IL-1α deficiency was reported to be associated with a 50% decrease in atherosclerotic plaque area using a model of C57BL/6 mice fed a high-fat diet.16 In that study, IL-1β deficiency did not impair atherosclerosis progression in a statistically significant manner. In another study, aortic sinus lesion area in IL-1α-deficient ApoE−/− mice was lower than in IL-1β-deficient ApoE−/− mice.17

Taken together, our results suggest that atherogenesis in ApoE−/− mice can progress independently of the NLRP3 inflammasome, a complex that appears to be crucial in a different mouse model of atherosclerosis. The most reasonable explanations of the observed discrepancy between the two studies lie in the different mouse models used, coupled to a putative role of IL-1α in atherosclerosis development in the ApoE mouse model. Clearly, further research is warranted regarding the implication of inflammasomes and specific IL-1 family members in the pathogenesis of atherosclerosis.

Materials and Methods

Bone marrow-derived macrophages preparation, stimulation and western blot

Primary murine macrophages were obtained from tibial and femoral bone marrow cells as described elsewhere.18 Cells were primed overnight with 100 ng/ml ultra-pure lipopolysaccharide (Invivogen, San Diego, CA, USA), and stimulated the following day in OPTIMEM for 8 h. Uric acid and 7-ketocholesterol were purchased from Sigma (Buchs, Switzerland). Cells extracts and precipitated supernatants were analyzed by western blot. The antibody against mouse caspase-1 (p20) is a generous gift from Dr. Peter Vandenabeele (Ghent University).

Mice and atherosclerosis progression determination

ApoE−/− mice were from Jackson Laboratories (Bar Harbor, ME, USA; no. 002052); Nlpr3−/−,19 ASC−/−20 and caspase-1−/−21 mice have been described. All mice were on C57BL/6 background. ApoE−/− mice were first crossed with Nlrp3−/−, ASC−/− or caspase-1−/−, and the resulting F1 mice were then backcrossed on the ApoE−/− background. F2 mice were then crossed again to obtain double-deficient mice.
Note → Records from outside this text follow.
(* Let $\lambda>0$ and let $(B,D)$ be a random pair as in the context. If $\lambda\mathbf E[B1_{\{D=\infty\}}]<1$, $\mathbf E[\min\{B,D\}]<\infty$ and $\rho=\lambda\mathbf E[B]>1$, then the equation $z_\infty=\lambda\mathbf E[\min\{z_\infty B,D\}]$ has a unique solution $z_\infty\in(0,\infty)$.
   Context: $(B,D)$ is a random pair with values in $[0,\infty]^2$ whose law $\vartheta$ satisfies $\vartheta(\{0\}\times[0,\infty])=\vartheta([0,\infty]\times\{0\})=\vartheta(\{(\infty,\infty)\})=0$; arithmetic on $[0,\infty]$ with $x\cdot\infty=\infty$ for $x>0$. *)

From HB Require Import structures.
From mathcomp Require Import all_boot all_order all_algebra.
From mathcomp Require Import all_classical all_reals all_analysis.
From mathcomp Require Import measurable_realfun lebesgue_integral probability.
Set Implicit Arguments. Unset Strict Implicit. Unset Printing Implicit Defensive.
Import Order.TTheory GRing.Theory Num.Theory.

Local Open Scope classical_set_scope.
Local Open Scope ring_scope.
Local Open Scope ereal_scope.

Definition admissible_pair d (T : measurableType d) (R : realType)
  (P : probability T R) (B D : T -> \bar R) : Prop :=
  measurable_fun setT B /\ measurable_fun setT D /\
  (forall w, 0 <= B w) /\ (forall w, 0 <= D w) /\
  P [set w | B w = 0] = 0 /\ P [set w | D w = 0] = 0 /\
  P [set w | B w = +oo /\ D w = +oo] = 0.

From HB Require Import structures.
From mathcomp Require Import all_boot all_order all_algebra.
From mathcomp Require Import all_classical all_reals all_analysis.
From mathcomp Require Import measurable_realfun lebesgue_integral probability.
From mathcomp Require Import lra.
Set Implicit Arguments. Unset Strict Implicit. Unset Printing Implicit Defensive.
Import Order.TTheory GRing.Theory Num.Theory.
Import numFieldNormedType.Exports.
Local Open Scope classical_set_scope.
Local Open Scope ring_scope.

(* Since min(zB, D) = z min(B, D/z), the equation says m(1/z) = 1/lambda for
   m(t) := E[min(B, tD)].  On (0, oo) the function m is finite, nondecreasing and
   concave, and m(t)/t is nonincreasing; monotonicity together with the decrease
   of m(t)/t makes m locally Lipschitz, hence continuous.  By dominated
   convergence m(t) tends to E[B 1_{D = oo}] < 1/lambda as t -> 0, and by
   monotone convergence, since D > 0 a.s., m(t) tends to E[B] > 1/lambda as
   t -> oo, so the intermediate value theorem gives a solution.  It is unique
   because a concave nondecreasing function taking the same value at two points
   is constant from the second one on, whereas m eventually exceeds 1/lambda. *)

Section concave_nondecreasing.
Variables (R : realType) (k : R -> R).
Hypothesis k_nd : forall t s : R, 0 < t -> t <= s -> k t <= k s.
Hypothesis k_ratio : forall t s : R, 0 < t -> t <= s -> t * k s <= s * k t.
Hypothesis k_concave : forall a b c : R, 0 < a -> a <= b -> b <= c ->
  (b - a) * k c + (c - b) * k a <= (c - a) * k b.

Lemma concave_nd_ge0 (t : R) : 0 < t -> 0 <= k t.
Proof.
move=> t0; have t1 : t <= t + 1 by lra.
have := k_ratio t0 t1; have := k_nd t0 t1; nra.
Qed.

Lemma concave_nd_dist_le (a t s : R) : 0 < a -> a <= t -> a <= s ->
  `|k t - k s| <= `|t - s| * (k a / a).
Proof.
move=> a0; wlog ts : t s / t <= s => [hwlog ta sa|ta sa].
  have [/hwlog|/ltW /hwlog] := leP t s; first exact.
  by rewrite distrC (distrC t); apply.
have t0 : 0 < t by exact: lt_le_trans ta.
rewrite distrC (distrC t) !ger0_norm ?subr_ge0 ?k_nd // mulrA ler_pdivlMr //.
have := k_ratio t0 ts; have := k_ratio a0 ta; nra.
Qed.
The number of mice studied for each genotype was as follows: ApoE−/−, n=17; ApoE−/− Nlrp3−/−, n=18; ApoE−/− caspase-1−/−, n=13; ApoE−/− ASC−/−, n=11. The 4-week-old mice were fed a high-fat diet (KlibaNafag 3200 supplemented with 1.25% w/w cholesterol and 15% w/w cacao butter; Kliba Nafag, Kaiseraugst, Switzerland) for 11 weeks and subsequently killed. ApoE−/− mice fed a high-fat diet were used as controls. Detailed procedures of plaque surface, macrophage and smooth muscle cell quantification, as well as plaque quality assessment are described elsewhere.22

Statistical analysis

Data are shown as mean±S.E.M. Statistical analysis was carried out using a one-way analysis of variance coupled to a Dunnett post hoc test, except for the assessment of plaque quality that relied on Fisher's exact test. Statistical significance was defined as P<0.05.